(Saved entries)
Start of Block

(* Let $\phi:\mathbb{R}^d\to\mathbb{R}$ be differentiable and suppose there exist constants $0<m\le M$ such that $$m\|x-y\|^2\le [\nabla\phi(x)-\nabla\phi(y)]^T(x-y)\le M\|x-y\|^2\quad\text{for all }x,y\in\mathbb{R}^d.$$ Let $g:\mathbb{R}^d\to\mathbb{R}^d$ be a map with $\|\nabla\phi(x)-g(x)\|\le\epsilon_g$ for all $x\in\mathbb{R}^d$, and let $f:\mathbb{R}^d\to\mathbb{R}$ satisfy $|\phi(x)-f(x)|\le\epsilon_f$ for all $x$, where $\epsilon_g>0$ and $\epsilon_f\ge 0$. Let $x_k\in\mathbb{R}^d$ and let $s_k\in\mathbb{R}^d$, $s_k\neq 0$, be chosen such that $$s_k^T\left[g(x_k+s_k)-g(x_k)\right]\ge c\,\epsilon_g\|s_k\|$$ for some constant $c>2$. Setting $y_k=g(x_k+s_k)-g(x_k)$, we have $$\frac{s_k^Ty_k}{s_k^Ts_k}\ge\frac{c}{c+2}\,m,\qquad \frac{y_k^Ty_k}{s_k^Ty_k}\le\frac{c}{c-2}\,M.$$
   Context: $\|\cdot\|$ denotes the Euclidean norm. Here $f$ and $g$ model noisy observations of $\phi$ and $\nabla\phi$. *)

From HB Require Import structures.
From mathcomp Require Import all_boot all_order all_algebra.
From mathcomp Require Import all_classical all_reals all_analysis.
Set Implicit Arguments. Unset Strict Implicit. Unset Printing Implicit Defensive.
Import Order.TTheory GRing.Theory Num.Theory.
Import numFieldNormedType.Exports.
Local Open Scope ring_scope.

Definition dotv {R : realType} {d : nat} (u v : 'rV[R]_d) : R :=
  \sum_(i < d) u 0 i * v 0 i.

(* Euclidean norm (note: the library's `|.| on matrices is the sup norm) *)
Definition enorm {R : realType} {d : nat} (u : 'rV[R]_d) : R :=
  Num.sqrt (dotv u u).

Definition grad {R : realType} {d : nat} (phi : 'rV[R]_d -> R) (x : 'rV[R]_d)
  : 'rV[R]_d :=
  \row_(i < d) ('d phi x (delta_mx 0 i : 'rV[R]_d)).

(* Let a = grad phi (x + s) - grad phi x be the exact gradient increment; the
   noisy increment y differs from it by at most 2 eps_g.  Strong monotonicity
   gives s'a >= m |s|^2, and the secant condition s'y >= c eps_g |s| makes the
   noise at most the fraction 2/c of s'y, whence the first bound.  For the
   second, the Bregman divergence D(x, v) of phi satisfies
   0 <= D(x, v) <= M/2 |v|^2; comparing phi at the gradient step x + v - a/M
   from both ends yields cocoercivity |a|^2 <= M s'a, i.e. a lies in the ball
   of radius M/2 |s| centred at M/2 s.  Hence y lies in that ball enlarged by
   2 eps_g, and the secant condition again absorbs the enlargement. *)

From mathcomp Require Import all_boot all_order all_algebra.
From mathcomp Require Import all_classical all_reals all_analysis.
From mathcomp Require Import ring lra.
Set Implicit Arguments.
Unset Strict Implicit.
Unset Printing Implicit Defensive.
Import Order.TTheory GRing.Theory Num.Theory.
Import numFieldNormedType.Exports.
Local Open Scope ring_scope.

Section Euclidean.
Variables (R : realType) (d : nat).
Implicit Types u v w : 'rV[R]_d.

Lemma dotvC u v : dotv u v = dotv v u.
Proof. by apply: eq_bigr => i _; rewrite mulrC. Qed.

Lemma dotvDl u v w : dotv (u + v) w = dotv u w + dotv v w.
Proof. by rewrite /dotv -big_split; apply: eq_bigr => i _; rewrite !mxE mulrDl. Qed.

Lemma dotvZl a u v : dotv (a *: u) v = a * dotv u v.
Proof. by rewrite /dotv mulr_sumr; apply: eq_bigr => i _; rewrite !mxE mulrA. Qed.

Lemma dotvNl u v : dotv (- u) v = - dotv u v.
Proof. by rewrite -scaleN1r dotvZl mulN1r. Qed.

Lemma dotvBl u v w : dotv (u - v) w = dotv u w - dotv v w.
Proof. by rewrite dotvDl dotvNl. Qed.

Lemma dotvDr u v w : dotv u (v + w) = dotv u v + dotv u w.
Proof. by rewrite dotvC dotvDl !(dotvC u). Qed.

Lemma dotvZr a u v : dotv u (a *: v) = a * dotv u v.
Proof. by rewrite dotvC dotvZl dotvC. Qed.

Lemma dotvNr u v : dotv u (- v) = - dotv u v.
Proof. by rewrite dotvC dotvNl dotvC. Qed.

Lemma dotvBr u v w : dotv u (v - w) = dotv u v - dotv u w.
Proof. by rewrite dotvDr dotvNr. Qed.

Lemma dotv0l v : dotv 0 v = 0.
Proof. by rewrite -(scale0r (0 : 'rV_d)) dotvZl mul0r. Qed.

Lemma dotv0r u : dotv u 0 = 0.
Proof. by rewrite dotvC dotv0l. Qed.

Definition dotvE := (dotvDl, dotvBl, dotvNl, dotvZl, dotvDr, dotvBr, dotvNr, dotvZr).

Lemma dotvv_ge0 u : 0 <= dotv u u.
Proof. by apply: sumr_ge0 => i _; rewrite -expr2 sqr_ge0. Qed.

Lemma dotvv_eq0 u : (dotv u u == 0) = (u == 0).
Proof.
apply/idP/eqP => [|->]; last by rewrite /dotv big1 // => i _; rewrite mxE mul0r.
rewrite psumr_eq0 => [/allP u0|i _]; last by rewrite -expr2 sqr_ge0.
apply/rowP => i; have /u0 : i \in index_enum 'I_d by rewrite mem_index_enum.
by rewrite mxE mulf_eq0 orbb => /eqP.
Qed.

Lemma enorm_ge0 u : 0 <= enorm u.
Proof. exact: sqrtr_ge0. Qed.

Lemma enorm_sqr u : enorm u ^+ 2 = dotv u u.
Proof. by rewrite sqr_sqrtr // dotvv_ge0. Qed.

Lemma enorm0 : enorm (0 : 'rV[R]_d) = 0.
Proof. by rewrite /enorm dotv0l sqrtr0. Qed.

Lemma enorm_eq0 u : (enorm u == 0) = (u == 0).
Proof. by rewrite -dotvv_eq0 -enorm_sqr sqrf_eq0. Qed.

Lemma enorm_gt0 u : (0 < enorm u) = (u != 0).
Proof. by rewrite lt0r enorm_ge0 enorm_eq0 andbT. Qed.

Lemma enormN u : enorm (- u) = enorm u.
Proof. by rewrite /enorm dotvNl dotvNr opprK. Qed.

Lemma cauchy_schwarz u v : dotv u v <= enorm u * enorm v.
Proof.
have [->|u0] := eqVneq u 0; first by rewrite dotv0l enorm0 mul0r.
have [->|v0] := eqVneq v 0; first by rewrite dotv0r enorm0 mulr0.
have uv_gt0 : 0 < enorm u * enorm v by rewrite mulr_gt0 ?enorm_gt0.
have := dotvv_ge0 (enorm v *: u - enorm u *: v).
rewrite !dotvE -!enorm_sqr (dotvC v u); nra.
Qed.

Lemma ler_enormD u v : enorm (u + v) <= enorm u + enorm v.
Proof.
rewrite -(ler_pXn2r (_ : 0 < 2)%N) ?nnegrE ?addr_ge0 ?enorm_ge0 //.
rewrite enorm_sqr !dotvE -!enorm_sqr (dotvC v u).
have := cauchy_schwarz u v; nra.
Qed.
End Euclidean.

Section VectorBounds.
Variables (R : realType) (d : nat).
Implicit Types s a y u : 'rV[R]_d.

Lemma enorm_subZ_sqr u r s :
  enorm (u - r *: s) ^+ 2 = dotv u u - 2 * r * dotv s u + r ^+ 2 * dotv s s.
Proof. by rewrite enorm_sqr !dotvE (dotvC u s); ring. Qed.

Lemma ler_enormBB u0 u1 v0 v1 :
  enorm ((u1 - u0) - (v1 - v0)) <= enorm (v1 - u1) + enorm (v0 - u0).
Proof.
have -> : (u1 - u0) - (v1 - v0) = (v0 - u0) + - (v1 - u1).
  by apply/rowP => i; rewrite !mxE; ring.
by rewrite addrC -(enormN (v1 - u1)); apply: ler_enormD.
Qed.

Lemma cocoercive_ball M s a : 0 <= M -> dotv a a <= M * dotv s a ->
  enorm (a - (M / 2) *: s) <= M / 2 * enorm s.
Proof.
move=> M0 coco; rewrite -(ler_pXn2r (_ : 0 < 2)%N) ?nnegrE ?enorm_ge0 //; last first.
  by rewrite mulr_ge0 ?divr_ge0 ?enorm_ge0.
rewrite enorm_subZ_sqr [X in _ <= X]exprMn enorm_sqr; nra.
Qed.

Lemma secant_curvature_ge m c eps s a y :
  0 <= c -> s != 0 -> m * dotv s s <= dotv s a ->
  enorm (y - a) <= 2 * eps -> c * eps * enorm s <= dotv s y ->
  c / (c + 2) * m <= dotv s y / dotv s s.
Proof.
move=> c0 s0 strong noise sy.
have S0 : 0 < dotv s s by rewrite -enorm_sqr exprn_gt0 ?enorm_gt0.
have err : dotv s a - dotv s y <= 2 * eps * enorm s.
  rewrite -dotvBr; apply: le_trans (cauchy_schwarz _ _) _.
  by rewrite -opprB enormN mulrC ler_wpM2r ?enorm_ge0.
have key : c * m * dotv s s <= (c + 2) * dotv s y by nra.
have -> : c / (c + 2) * m = c * m / (c + 2) by rewrite mulrAC.
rewrite ler_pdivlMr // mulrAC ler_pdivrMr; lra.
Qed.

Lemma secant_ratio_le M c eps s a y :
  0 <= M -> 2 < c -> 0 < eps -> s != 0 -> dotv a a <= M * dotv s a ->
  enorm (y - a) <= 2 * eps -> c * eps * enorm s <= dotv s y ->
  dotv y y / dotv s y <= c / (c - 2) * M.
Proof.
move=> M0 c2 eps0 s0 coco noise sy.
have S0 : 0 < enorm s by rewrite enorm_gt0.
have sy0 : 0 < dotv s y by apply: lt_le_trans sy; rewrite !mulr_gt0 //; lra.
have ball_a := cocoercive_ball M0 coco.
have ball_y : enorm (y - (M / 2) *: s) <= M / 2 * enorm s + 2 * eps.
  have -> : y - (M / 2) *: s = (a - (M / 2) *: s) + (y - a).
    by rewrite [RHS]addrC addrA subrK.
  by apply: le_trans (ler_enormD _ _) _; apply: lerD.
have sa : dotv s a <= M * enorm s ^+ 2.
  have := cauchy_schwarz s (a - (M / 2) *: s).
  rewrite dotvBr dotvZr -enorm_sqr => cs.
  have := ler_wpM2l (enorm_ge0 s) ball_a; nra.
have sy_up : dotv s y <= M * enorm s ^+ 2 + 2 * eps * enorm s.
  have := cauchy_schwarz s (y - a); rewrite dotvBr.
  have := ler_wpM2l (enorm_ge0 s) noise; nra.
have yy : dotv y y <= M * dotv s y + 2 * M * eps * enorm s + 4 * eps ^+ 2.
  move: ball_y; rewrite -(ler_pXn2r (_ : 0 < 2)%N) ?nnegrE ?enorm_ge0 //; last first.
    by rewrite addr_ge0 ?mulr_ge0 ?divr_ge0 ?enorm_ge0 //; lra.
  rewrite enorm_subZ_sqr -(enorm_sqr s); nra.
have ce : (c - 2) * eps <= M * enorm s by nra.
have -> : c / (c - 2) * M = c * M / (c - 2) by rewrite mulrAC.
rewrite ler_pdivrMr // mulrAC ler_pdivlMr; last lra.
have := ler_wpM2l M0 sy; have := ler_wpM2l (ltW eps0) ce.
have c2_ge0 : 0 <= c - 2 by lra.
have := ler_wpM2l c2_ge0 yy; nra.
Qed.

End VectorBounds.

Lemma diff_grad (R : realType) d (phi : 'rV[R]_d -> R) x v :
  'd phi x v = dotv (grad phi x) v.
Proof.
rewrite {1}(row_sum_delta v) linear_sum /dotv; apply: eq_bigr => i _.
by rewrite linearZ /= mxE mulrC.
Qed.

Lemma is_derive_grad (R : realType) d (phi : 'rV[R]_d -> R) x v t :
  differentiable phi (x + t *: v) ->
  is_derive t 1 (fun s : R => phi (x + s *: v)) (dotv (grad phi (x + t *: v)) v).
Proof.
move=> dphi.
have shiftE : (fun h : R => h^-1 *: (phi (x + (h *: 1 + t) *: v) - phi (x + t *: v)))
   = (fun h => h^-1 *: (phi (h *: v + (x + t *: v)) - phi (x + t *: v))).
  apply/funext => h; congr (_ *: (phi _ - _)).
  by rewrite [h *: 1]mulr1 scalerDl addrCA addrC.
split; first by rewrite /derivable /= shiftE; exact: diff_derivable.
have -> : 'D_1 (fun s : R => phi (x + s *: v)) t = 'D_v phi (x + t *: v).
  by rewrite /derive /= shiftE.
by rewrite deriveE // diff_grad.
Qed.

Section QuadraticMVT.
Variable R : realType.
Local Open Scope classical_set_scope.

Lemma quadratic_mvt (h dh : R -> R) (k : R) :
  (forall t : R, is_derive t 1 h (dh t)) ->
  exists2 t : R, 0 < t < 1 & h 1 - h 0 - dh 0 - k = dh t - dh 0 - k * (2 * t).
Proof.
move=> hdh.
pose q := h - (dh 0 \*: id + k \*: (id * id) : R -> R).
pose dq t := dh t - (dh 0 + k * (2 * t)).
have qdq (t : R) : is_derive t 1 q (dq t).
  apply: is_deriveB => //.
  by apply: is_derive_eq; rewrite /GRing.scale /= !mulr1; ring.
have qcont : {within `[0, 1], continuous q}.
  by apply: derivable_within_continuous => t _; case: (qdq t).
have [t] := MVT ltr01 (fun t _ => qdq t) qcont.
rewrite in_itv /= => t01 qmvt; exists t => //.
move: qmvt; rewrite /q /dq !fctE /= /GRing.scale /=; lra.
Qed.

End QuadraticMVT.

(* The gradient field G is kept abstract: besides being more general, this
   keeps unification from unfolding [grad], which is prohibitively expensive. *)
Section Bregman.
Variables (R : realType) (d : nat) (phi : 'rV[R]_d -> R) (G : 'rV[R]_d -> 'rV[R]_d).
Implicit Types (x v : 'rV[R]_d) (t : R).
Hypothesis phi_grad : forall x v t,
  is_derive t 1 (fun s : R => phi (x + s *: v)) (dotv (G (x + t *: v)) v).

Definition bregman x v := phi (x + v) - phi x - dotv (G x) v.

Lemma bregman_mvt k x v : exists2 t, 0 < t < 1 &
  bregman x v - k = dotv (G (x + t *: v) - G x) v - k * (2 * t).
Proof.
have [t t01] := quadratic_mvt k (phi_grad x v).
rewrite /= scale1r scale0r addr0 -dotvBl => mvt.
by exists t.
Qed.

Hypothesis G_monotone : forall x y, 0 <= dotv (G x - G y) (x - y).
Variable M : R.
Hypothesis G_upper : forall x y, dotv (G x - G y) (x - y) <= M * enorm (x - y) ^+ 2.

Lemma bregman_ge0 x v : 0 <= bregman x v.
Proof.
have [t /andP[t0 _]] := bregman_mvt 0 x v; rewrite mul0r !subr0 => ->.
have := G_monotone (x + t *: v) x.
have -> : x + t *: v - x = t *: v by rewrite addrC addKr.
by rewrite dotvZr pmulr_rge0.
Qed.

Lemma bregman_le x v : bregman x v <= M / 2 * dotv v v.
Proof.
have [t /andP[t0 _] mvt] := bregman_mvt (M / 2 * dotv v v) x v.
have := G_upper (x + t *: v) x.
have -> : x + t *: v - x = t *: v by rewrite addrC addKr.
rewrite dotvZr enorm_sqr dotvZl dotvZr => incr.
rewrite -subr_le0 mvt; nra.
Qed.

Hypothesis M_gt0 : 0 < M.

Lemma sqr_increment_le_bregman x v :
  dotv (G (x + v) - G x) (G (x + v) - G x) <= 2 * M * bregman x v.
Proof.
(* Compare phi at the gradient step x + v - w / M from x and from x + v. *)
set w := G (x + v) - G x.
have ww : M^-1 * dotv w w = M^-1 * dotv (G (x + v)) w - M^-1 * dotv (G x) w.
  by rewrite {1}/w dotvBl mulrBr.
clearbody w.
have Mr : M * M^-1 = 1 by rewrite mulfV ?gt_eqF.
have lo := bregman_ge0 x (v - M^-1 *: w).
have up := bregman_le (x + v) (- (M^-1 *: w)).
rewrite /bregman addrA !dotvE in lo up; rewrite mulrN opprK in up.
have half : M / 2 * (M^-1 * (M^-1 * dotv w w)) = M^-1 * dotv w w / 2.
  by rewrite mulrAC !mulrA Mr mul1r.
have : M^-1 * dotv w w / 2 <= bregman x v by rewrite /bregman; lra.
move/(ler_wpM2l (ltW M_gt0)); rewrite !mulrA Mr mul1r; lra.
Qed.

Lemma increment_cocoercive x v :
  dotv (G (x + v) - G x) (G (x + v) - G x) <= M * dotv (G (x + v) - G x) v.
Proof.
have sum : bregman x v + bregman (x + v) (- v) = dotv (G (x + v) - G x) v.
  by rewrite /bregman addrK dotvNr dotvBl; lra.
have fwd := sqr_increment_le_bregman x v.
have bwd := sqr_increment_le_bregman (x + v) (- v).
rewrite addrK -opprB dotvNl dotvNr opprK in bwd.
rewrite -sum; lra.
Qed.

End Bregman.

Theorem lemma3p1 (R : realType) (d : nat) (phi : 'rV[R]_d -> R)
  (f : 'rV[R]_d -> R) (g : 'rV[R]_d -> 'rV[R]_d)
  (m M eps_g eps_f c : R) (xk sk : 'rV[R]_d) :
  (forall x, differentiable phi x) ->
  0 < m -> m <= M ->
  (forall x y, m * enorm (x - y) ^+ 2 <= dotv (grad phi x - grad phi y) (x - y)) ->
  (forall x y, dotv (grad phi x - grad phi y) (x - y) <= M * enorm (x - y) ^+ 2) ->
  0 < eps_g -> 0 <= eps_f ->
  (forall x, enorm (grad phi x - g x) <= eps_g) ->
  (forall x, `|phi x - f x| <= eps_f) ->
  2 < c ->
  sk != 0 ->
  c * eps_g * enorm sk <= dotv sk (g (xk + sk) - g xk) ->
  let yk := g (xk + sk) - g xk in
  c / (c + 2) * m <= dotv sk yk / dotv sk sk /\
  dotv yk yk / dotv sk yk <= c / (c - 2) * M.
Proof.
move=> phi_diff m_gt0 mM strong upper eps_gt0 _ grad_err _ c_gt2 sk_neq0 secant yk.
have phi_grad x v t := is_derive_grad (phi_diff (x + t *: v)).
have monotone x y : 0 <= dotv (grad phi x - grad phi y) (x - y).
  exact: le_trans (mulr_ge0 (ltW m_gt0) (sqr_ge0 _)) (strong x y).
have M_gt0 : 0 < M := lt_le_trans m_gt0 mM.
have coco := increment_cocoercive phi_grad monotone upper M_gt0 xk sk.
have := strong (xk + sk) xk.
have -> : xk + sk - xk = sk by rewrite addrC addKr.
rewrite enorm_sqr dotvC => curv.
have noise : enorm (yk - (grad phi (xk + sk) - grad phi xk)) <= 2 * eps_g.
  apply: le_trans (ler_enormBB _ _ _ _) _.
  by rewrite mulr_natl mulr2n; apply: lerD.
split.
  by apply: secant_curvature_ge curv noise secant => //; lra.
by rewrite dotvC in coco; apply: secant_ratio_le coco noise secant => //; exact: ltW.
Qed.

End of Block

• [WORK REQUIRED] Where a line of the data includes the string "addrA", list that line.

• [RESULT OF THE TASK]
    by rewrite [RHS]addrC addrA subrK.
rewrite /bregman addrA !dotvE in lo up; rewrite mulrN opprK in up.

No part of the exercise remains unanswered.